Join For FreeRecently I was tasked with building a Quickbooks Online (QBO) integration to process the Profit and Loss (P&L) report and determine the revenues, cost of goods sold (COGS), and expenses of departments — here's how I did it.
This article is not about building an OAuth flow or pulling data from the Quickbooks API using a cron job. That process is relatively boilerplate and has been solved by tools such as the one I'll be using. If building that yourself interests you, check out my article on using Singer to do just that.
Instead, this article will walk you through the harder part — how to make sense of the data.
Get the Data
As I mentioned above, for this article, I'll be using hotglue to handle all the boilerplate of building a QBO integration for a SaaS platform. This includes:
- Creating an OAuth authorization flow
- Enables users to connect Quickbooks in your UI and monitor the connection
- Pulling the necessary data from the Quickbooks API
Create the Authorization Flow
In hotglue, I will create a new flow and add Quickbooks sandbox as a source. To do this, I merely provide my OAuth credentials and login to my Quickbooks sandbox account.
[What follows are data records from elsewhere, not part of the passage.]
(* Consider a finite set $\mathcal{U}$ of users with traffic demands $T_u>0$ and attenuations $\ell_u>0$, constants $g,N_0,\Gamma>0$ and a total bandwidth $W>0$. Consider minimizing $\sum_{u\in\mathcal{U}}\frac{gN_0\Gamma}{\ell_u}\left(2^{T_u/w_u}-1\right)w_u$ over $w_u>0$ subject to $\sum_{u\in\mathcal{U}}w_u=W$, with Lagrangian $\Lambda=\sum_{u}\frac{gN_0\Gamma}{\ell_u}(2^{T_u/w_u}-1)w_u+\lambda\left(\sum_u w_u-W\right)$. The Lagrange multiplier $\lambda^*$ of a stationary point of $\Lambda$ (i.e. $\partial\Lambda/\partial w_u=0$ for all $u$ and $\partial\Lambda/\partial\lambda=0$) is a solution of $f(\lambda^* )=0$, where $$f(\lambda)=W-\sum_{u\in\mathcal{U}}\frac{T_u\ln 2}{1+W_0\!\left(\frac{1}{e}\left[\frac{\lambda\ell_u}{gN_0\Gamma}-1\right]\right)}$$ is a monotonic function of $\lambda$, and $\lambda^*$ lies in the closed interval $$\left(ze^{z+1}+1\right)\frac{gN_0\Gamma}{\ell_m}\le\lambda^*\le\left(ze^{z+1}+1\right)\frac{gN_0\Gamma}{\ell_M},\qquad z\triangleq\frac{\ln 2}{W}\sum_{u\in\mathcal{U}}T_u-1,$$ where $\ell_m=\max_u\ell_u$ and $\ell_M=\min_u\ell_u$.
   Context: $W_0$ denotes the principal branch of the real Lambert W function, i.e. for $y\ge -1/e$, $x=W_0(y)$ is the solution $x\ge -1$ of $y=xe^x$. In the paper's terminology, $\ell_m$ is the attenuation of users closest to the base station (''minimum attenuation'', largest gain) and $\ell_M$ that of cell-edge users, with $\ell_m>\ell_M$. *)

From HB Require Import structures.
From mathcomp Require Import all_boot all_order all_algebra.
From mathcomp Require Import all_classical all_reals all_analysis.
Set Implicit Arguments. Unset Strict Implicit. Unset Printing Implicit Defensive.
Import Order.TTheory GRing.Theory Num.Theory.
Local Open Scope classical_set_scope.
Local Open Scope ring_scope.

(* Principal branch of the real Lambert W function: for y >= -1/e,
   W0 y is the (unique) x >= -1 with x * e^x = y.  (Junk value 0 otherwise.) *)
Definition LambertW0 {R : realType} (y : R) : R :=
  xget 0 [set x : R | -1 <= x /\ x * expR x = y].

Definition upd {U : finType} {R : realType} (w : U -> R) (u : U) (t : R) : U -> R :=
  fun v => if v == u then t else w v.

Definition Lagr {U : finType} {R : realType} (g N0 Gam W : R) (T l : U -> R)
  (w : U -> R) (lam : R) : R :=
  \sum_(u : U) (g * N0 * Gam / l u) * (2 `^ (T u / w u) - 1) * w u
  + lam * (\sum_(u : U) w u - W).

Definition fL {U : finType} {R : realType} (g N0 Gam W : R) (T l : U -> R)
  (lam : R) : R :=
  W - \sum_(u : U) T u * ln 2 /
        (1 + LambertW0 (expR (-1) * (lam * l u / (g * N0 * Gam) - 1))).

From HB Require Import structures.
From mathcomp Require Import all_boot all_order all_algebra.
From mathcomp Require Import all_classical all_reals all_analysis.
From mathcomp Require Import ring lra.
Set Implicit Arguments. Unset Strict Implicit.
Import Order.TTheory GRing.Theory Num.Theory numFieldNormedType.Exports.
Local Open Scope classical_set_scope.
Local Open Scope ring_scope.

(* With [y_u := T_u ln 2 / w_u - 1], stationarity in [w_u] reads
   [lam = gN0Gam / l_u * (y_u e^(y_u + 1) + 1)], i.e.
   [e^(-1) (lam l_u / gN0Gam - 1) = y_u e^(y_u)], so [y_u] is the value of the
   Lambert function there and [w_u] is the u-th term of the sum in [f]; the
   constraint [sum_u w_u = W] then gives [f lam = 0].  Since [x e^x] increases
   on [[-1, +oo)], so does [W0], whence the monotonicity of [f].  Finally
   [sum_u w_u y_u = z W] makes [z] a weighted mean of the [y_u], so some [y_u]
   lies above [z] and some below; monotonicity of [y e^(y+1)] and
   [l_M <= l_u <= l_m] then yield the two bounds. *)

Section LambertW0.
Variable R : realType.
Implicit Types a b x y : R.

Lemma ltr_mulr_expR a b : -1 <= a -> a < b -> a * expR a < b * expR b.
Proof.
move=> a1 ab; case: (lerP 0 b) => b0.
  have -> : b * expR b = b * expR (b - a) * expR a by rewrite -mulrA -expRD subrK.
  rewrite ltr_pM2r ?expR_gt0 //.
  apply: (lt_le_trans ab).
  by apply: ler_peMr => //; rewrite -expR0 ler_expR subr_ge0 ltW.
have -> : a * expR a = a * expR (a - b) * expR b by rewrite -mulrA -expRD subrK.
rewrite ltr_pM2r ?expR_gt0 //.
have ab0 : a - b != 0 by rewrite subr_eq0 lt_eqF.
have lt_a : a * expR (a - b) < a * (1 + (a - b)).
  by rewrite ltr_nM2l ?expR_gt1Dx // (lt_trans ab b0).
have : 0 <= (b - a) * (1 + a) by rewrite mulr_ge0 //; lra.
by lra.
Qed.

Lemma ler_mulr_expR2 a b : -1 <= a -> -1 <= b ->
  (a * expR a <= b * expR b) = (a <= b).
Proof.
move=> a1 b1; apply/idP/idP => [H|].
  by rewrite leNgt; apply/negP => /(ltr_mulr_expR b1); rewrite ltNge H.
by rewrite le_eqVlt => /orP[/eqP -> //|/(ltr_mulr_expR a1)/ltW].
Qed.

Lemma LambertW0_mul_expR x : -1 <= x -> LambertW0 (x * expR x) = x.
Proof.
move=> x1; apply: xget_unique => //= y [y1 Hy].
apply/eqP; rewrite eq_le -(ler_mulr_expR2 y1 x1) -(ler_mulr_expR2 x1 y1).
by rewrite Hy lexx.
Qed.

Lemma mulr_expR_surj y : - expR (-1) <= y -> exists x, -1 <= x /\ x * expR x = y.
Proof.
move=> y1.
have b1 : -1 <= `|y| by apply: le_trans (normr_ge0 _); rewrite lerN10.
have [||x /[!in_itv] /andP[x1 _] <-] := @IVT R (fun x => x * expR x) (-1) `|y| y b1.
- apply: continuous_subspaceT => x.
  by apply: continuousM => //; exact: continuous_expR.
- have Hy : y <= `|y| * expR `|y|.
    apply: le_trans (ler_norm y) _.
    by rewrite -{1}(mulr1 `|y|) ler_wpM2l // -expR0 ler_expR.
  by rewrite /= mulN1r ge_min y1 /= le_max Hy orbT.
- by exists x.
Qed.

Lemma LambertW0P y : - expR (-1) <= y ->
  -1 <= LambertW0 y /\ LambertW0 y * expR (LambertW0 y) = y.
Proof. by move/mulr_expR_surj => E; apply: (xgetPex 0 E). Qed.

Lemma LambertW0_gtN1 y : - expR (-1) < y -> -1 < LambertW0 y.
Proof.
move=> y1; have [W1 WE] := LambertW0P (ltW y1).
rewrite lt_neqAle W1 andbT; apply/negP => /eqP E.
by move: y1; rewrite -WE -E mulN1r ltxx.
Qed.

Lemma ler_LambertW0 a b : - expR (-1) <= a -> a <= b -> LambertW0 a <= LambertW0 b.
Proof.
move=> a1 ab; have [A1 AE] := LambertW0P a1.
have [B1 BE] := LambertW0P (le_trans a1 ab).
by rewrite -(ler_mulr_expR2 A1 B1) AE BE.
Qed.

Lemma ler_mulr_expRD1 a b : -1 <= a -> a <= b ->
  a * expR (a + 1) <= b * expR (b + 1).
Proof.
move=> a1 ab; rewrite !expRD !mulrA ler_wpM2r ?expR_ge0 //.
by rewrite ler_mulr_expR2 // (le_trans a1 ab).
Qed.

Lemma mulr_expRD1_ge0 a : -1 <= a -> 0 <= a * expR (a + 1) + 1.
Proof.
by move=> a1; have := ler_mulr_expRD1 (lexx (-1)) a1; rewrite addNr expR0; lra.
Qed.

End LambertW0.

Section Stationarity.
Variable R : realType.

Lemma is_derive_power_cost (b c T t0 : R) : 0 < b -> 0 < t0 ->
  is_derive t0 1 (fun t => c * ((b `^ (T / t) - 1) * t))
    (c * ((b `^ (T / t0) - 1) - b `^ (T / t0) * ln b * T / t0)).
Proof.
move=> b0 t00; have t0n : t0 != 0 by rewrite gt_eqF.
have hV : is_derive t0 1 (fun t : R => t^-1) ((- t0 ^- 2) *: (1 : R)).
  exact: is_deriveV.
have hexp := is_derive1_comp (is_derive_expR _) (is_deriveZ (T * ln b) hV).
have := is_deriveZ c (is_deriveM (is_deriveB hexp (is_derive_cst (1 : R) t0 1))
  (is_derive_id t0 1)).
have powE x : b `^ x = expR (x * ln b) by rewrite /powR gt_eqF.
have -> : c \*: ((expR \o (T * ln b) \*: (fun t : R => t^-1) - cst 1) * id)
    = (fun t => c * ((b `^ (T / t) - 1) * t)).
  by apply/funext => t /=; rewrite powE mulrAC.
move=> H; apply: is_derive_eq H _.
have -> : (expR \o (T * ln b) \*: (fun t : R => t^-1) - cst 1) t0
    = expR (T / t0 * ln b) - 1 by rewrite /= mulrAC.
rewrite !powE /= /GRing.scale /= subr0 !mulr1 [T * ln b / t0]mulrAC.
by set e := expR _; field.
Qed.

Variables (U : finType) (g N0 Gam W : R) (T l : U -> R).

Lemma derive1_Lagr_multiplier (w : U -> R) (lam : R) :
  derive1 (fun m => Lagr g N0 Gam W T l w m) lam = \sum_(u : U) w u - W.
Proof.
pose S := \sum_(u : U) g * N0 * Gam / l u * (2 `^ (T u / w u) - 1) * w u.
have -> : (fun m => Lagr g N0 Gam W T l w m)
    = cst S + (@id R) * cst (\sum_(u : U) w u - W) by apply/funext.
have := is_deriveD (is_derive_cst S lam 1)
  (is_deriveM (is_derive_id lam 1) (is_derive_cst (\sum_(u : U) w u - W) lam 1)).
by move=> H; rewrite derive1E derive_val /= /GRing.scale /= mulr0 !add0r mulr1.
Qed.

Lemma derive1_Lagr_upd (w : U -> R) (lam : R) (u : U) : 0 < w u ->
  derive1 (fun t => Lagr g N0 Gam W T l (upd w u t) lam) (w u) =
  g * N0 * Gam / l u * ((2 `^ (T u / w u) - 1)
    - 2 `^ (T u / w u) * ln 2 * T u / w u) + lam.
Proof.
move=> wu0; set c := g * N0 * Gam.
pose A := \sum_(v | v != u) c / l v * (2 `^ (T v / w v) - 1) * w v.
pose B := \sum_(v | v != u) w v.
have E t : Lagr g N0 Gam W T l (upd w u t) lam =
    c / l u * ((2 `^ (T u / t) - 1) * t) + lam * t + (A + lam * (B - W)).
  rewrite /Lagr (bigD1 u) //= (bigD1 u (P := xpredT)) //= /upd eqxx.
  rewrite (eq_bigr (fun v => c / l v * (2 `^ (T v / w v) - 1) * w v));
    last by move=> v /negbTE ->.
  by rewrite (eq_bigr w) => [|v /negbTE ->] //; rewrite -/A -/B -/c; ring.
have -> : (fun t => Lagr g N0 Gam W T l (upd w u t) lam) =
    (fun t => c / l u * ((2 `^ (T u / t) - 1) * t)) + lam \*: (@id R)
    + cst (A + lam * (B - W)) by apply/funext => t; exact: E.
have := is_deriveD
  (is_deriveD (is_derive_power_cost (c / l u) (T u) (ltr0Sn _ 1) wu0)
    (is_deriveZ lam (is_derive_id (w u) 1)))
  (is_derive_cst (A + lam * (B - W)) (w u) 1).
by move=> H; rewrite derive1E derive_val /= /GRing.scale /= mulr1 addr0.
Qed.

End Stationarity.

Section Multiplier.
Variables (R : realType) (c lu Tu wu lam : R).
Hypothesis stationary :
  c / lu * ((2 `^ (Tu / wu) - 1) - 2 `^ (Tu / wu) * ln 2 * Tu / wu) + lam = 0.

Let y := Tu * ln 2 / wu - 1.

Lemma stationary_multiplierE : lam = c / lu * (y * expR (y + 1) + 1).
Proof.
have yE : y + 1 = Tu * ln 2 / wu by rewrite subrK.
move: stationary; rewrite /powR pnatr_eq0 /= (mulrAC Tu) -yE.
have -> : expR (y + 1) * ln 2 * Tu / wu = expR (y + 1) * (y + 1).
  by rewrite yE -!mulrA; congr (_ * _); exact: mulrCA.
by move=> H; apply/eqP; rewrite -subr_eq0 -H; apply/eqP; ring.
Qed.

Lemma stationary_LambertW0 : 0 < c -> 0 < lu -> 0 < Tu -> 0 < wu ->
  LambertW0 (expR (-1) * (lam * lu / c - 1)) = Tu * ln 2 / wu - 1.
Proof.
move=> c0 lu0 Tu0 wu0.
have y1 : -1 <= y.
  suff : 0 < Tu * ln 2 / wu by rewrite /y; lra.
  by rewrite !mulr_gt0 ?invr_gt0 // ln_gt0 // ltr1n.
have -> : expR (-1) * (lam * lu / c - 1) = y * expR y.
  rewrite stationary_multiplierE expRD.
  have e : expR (-1) * expR 1 = 1 :> R by rewrite -expRD addNr expR0.
  by field: e; rewrite !gt_eqF.
exact: LambertW0_mul_expR.
Qed.

Lemma stationary_allocationE : 0 < c -> 0 < lu -> 0 < Tu -> 0 < wu ->
  Tu * ln 2 / (1 + LambertW0 (expR (-1) * (lam * lu / c - 1))) = wu.
Proof.
move=> c0 lu0 Tu0 wu0; have ln20 : 0 < ln (2 : R) by rewrite ln_gt0 // ltr1n.
rewrite stationary_LambertW0 // addrC subrK invf_div mulrCA divff ?mulr1 //.
by rewrite gt_eqF // mulr_gt0.
Qed.

End Multiplier.

Lemma fL_nondecreasing (R : realType) (U : finType) (g N0 Gam W : R)
  (T l : U -> R) :
  0 < g * N0 * Gam -> (forall u, 0 < T u) -> (forall u, 0 < l u) ->
  forall x y, 0 < x -> x <= y -> fL g N0 Gam W T l x <= fL g N0 Gam W T l y.
Proof.
move=> c0 T0 l0 x x' x0 xx'; rewrite /fL lerD2l lerN2; apply: ler_sum => u _.
set c := g * N0 * Gam in c0 *.
set a := expR (-1) * (x * l u / c - 1); set b := expR (-1) * (x' * l u / c - 1).
have ha : - expR (-1) < a.
  have : 0 < expR (-1) * (x * l u / c) by rewrite !mulr_gt0 ?expR_gt0 ?invr_gt0.
  by rewrite /a mulrBr mulr1; lra.
have ab : a <= b.
  rewrite ler_wpM2l ?expR_ge0 // lerD2r ler_wpM2r ?invr_ge0 ?(ltW c0) //.
  by rewrite ler_wpM2r ?(ltW (l0 u)).
have Wab := ler_LambertW0 (ltW ha) ab.
have Da : 0 < 1 + LambertW0 a by rewrite -ltrBlDl sub0r LambertW0_gtN1.
have Db : 0 < 1 + LambertW0 b by apply: lt_le_trans Da _; rewrite lerD2l.
rewrite ler_pM2l ?mulr_gt0 ?ln_gt0 ?ltr1n // lef_pV2 ?posrE //.
by rewrite lerD2l.
Qed.

Section WeightedMean.
Variables (R : realType) (U : finType) (w : U -> R) (u0 : U).
Hypothesis w0 : forall u, 0 < w u.

Lemma exists_ge_weighted_mean (y : U -> R) (z : R) :
  \sum_(u : U) w u * y u = z * \sum_(u : U) w u -> exists u, z <= y u.
Proof.
move=> mean; apply: contrapT => /forallNP lt_yz.
suff : \sum_(u : U) w u * y u < \sum_(u : U) z * w u.
  by rewrite -mulr_sumr mean ltxx.
apply: ltr_sum => [|u _]; first by apply/hasP; exists u0; rewrite ?mem_index_enum.
by rewrite mulrC ltr_pM2r // ltNge; apply/negP/lt_yz.
Qed.

Lemma exists_le_weighted_mean (y : U -> R) (z : R) :
  \sum_(u : U) w u * y u = z * \sum_(u : U) w u -> exists u, y u <= z.
Proof.
move=> mean.
have [|u] := @exists_ge_weighted_mean (fun u => - y u) (- z).
  rewrite (eq_bigr (fun u => - (w u * y u))) ?sumrN ?mean ?mulNr //.
  by move=> u _; rewrite mulrN.
by rewrite lerN2; exists u.
Qed.

End WeightedMean.

Theorem lemma1 (R : realType) (U : finType) (g N0 Gam W : R) (T l : U -> R)
  (lm lM : R) (w : U -> R) (lam : R) :
  0 < g -> 0 < N0 -> 0 < Gam -> 0 < W ->
  (forall u, 0 < T u) -> (forall u, 0 < l u) ->
  (* lm = max_u l_u, lM = min_u l_u *)
  (exists u, l u = lm) -> (forall u, l u <= lm) ->
  (exists u, l u = lM) -> (forall u, lM <= l u) ->
  (* (w, lam) is a stationary point of the Lagrangian with w_u > 0 *)
  (forall u, 0 < w u) ->
  (forall u, derive1 (fun t => Lagr g N0 Gam W T l (upd w u t) lam) (w u) = 0) ->
  derive1 (fun m => Lagr g N0 Gam W T l w m) lam = 0 ->
  let z := ln 2 / W * (\sum_(u : U) T u) - 1 in
  fL g N0 Gam W T l lam = 0 /\
  ((forall x y, 0 < x -> x <= y -> fL g N0 Gam W T l x <= fL g N0 Gam W T l y) \/
   (forall x y, 0 < x -> x <= y -> fL g N0 Gam W T l y <= fL g N0 Gam W T l x)) /\
  (z * expR (z + 1) + 1) * (g * N0 * Gam / lm) <= lam /\
  lam <= (z * expR (z + 1) + 1) * (g * N0 * Gam / lM).
Proof.
move=> g0 N00 Gam0 W0 T0 l0 [um <-] lm_max [uM <-] lM_min w0 Dw Dlam z.
have c0 : 0 < g * N0 * Gam by rewrite !mulr_gt0.
set c := g * N0 * Gam in c0 *.
have sumw : \sum_(u : U) w u = W.
  apply/eqP; rewrite -subr_eq0.
  by rewrite -(derive1_Lagr_multiplier g N0 Gam W T l w lam) Dlam.
have stat u := etrans (esym (derive1_Lagr_upd g N0 Gam W T l lam (w0 u))) (Dw u).
have lamE u := stationary_multiplierE (stat u).
pose y u := T u * ln 2 / w u - 1.
have y1 u : -1 <= y u.
  have : 0 < T u * ln 2 / w u by rewrite !mulr_gt0 ?invr_gt0 ?ln_gt0 ?ltr1n.
  by rewrite /y; lra.
have z1 : -1 <= z.
  suff : 0 < ln 2 / W * \sum_(u : U) T u by rewrite /z; lra.
  rewrite !mulr_gt0 ?invr_gt0 ?ln_gt0 ?ltr1n //.
  by rewrite (bigD1 um) //= ltr_wpDr ?T0 // sumr_ge0 // => u _; rewrite ltW.
have mean : \sum_(u : U) w u * y u = z * \sum_(u : U) w u.
  rewrite sumw (eq_bigr (fun u => T u * ln 2 - w u)) => [|u _]; last first.
    by rewrite /y mulrBr mulr1 mulrC divfK // gt_eqF.
  rewrite sumrB sumw -mulr_suml /z mulrBl mul1r mulrAC divfK ?gt_eqF //.
  by rewrite mulrC.
split.
  rewrite /fL -/c (eq_bigr w) ?sumw ?subrr // => u _.
  exact: stationary_allocationE (stat u) c0 (l0 u) (T0 u) (w0 u).
split; first by left; exact: fL_nondecreasing.
split.
- have [u zy] := exists_ge_weighted_mean um w0 mean; rewrite (lamE u) mulrC.
  apply: ler_pM; first exact/ltW/divr_gt0.
  + exact: mulr_expRD1_ge0.
  + by rewrite ler_pM2l // lef_pV2 ?posrE.
  + by rewrite lerD2r ler_mulr_expRD1.
- have [u yz] := exists_le_weighted_mean um w0 mean; rewrite (lamE u) mulrC.
  apply: ler_pM; first exact: mulr_expRD1_ge0 (y1 u).
  + exact/ltW/divr_gt0.
  + by rewrite lerD2r ler_mulr_expRD1 ?y1.
  + by rewrite ler_pM2l // lef_pV2 ?posrE.
Qed.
If you do not have OAuth credentials already, you can just select 'Use testing tokens.'
Select the Data We Need
Now we can select what data we need from Quickbooks. We will select Account (Chart of Accounts), Item (Products and Services), Purchase (Expenses), Invoice, and Profit and Loss Report.
This will provide us with the reference data we'll need to accurately categorize transactions.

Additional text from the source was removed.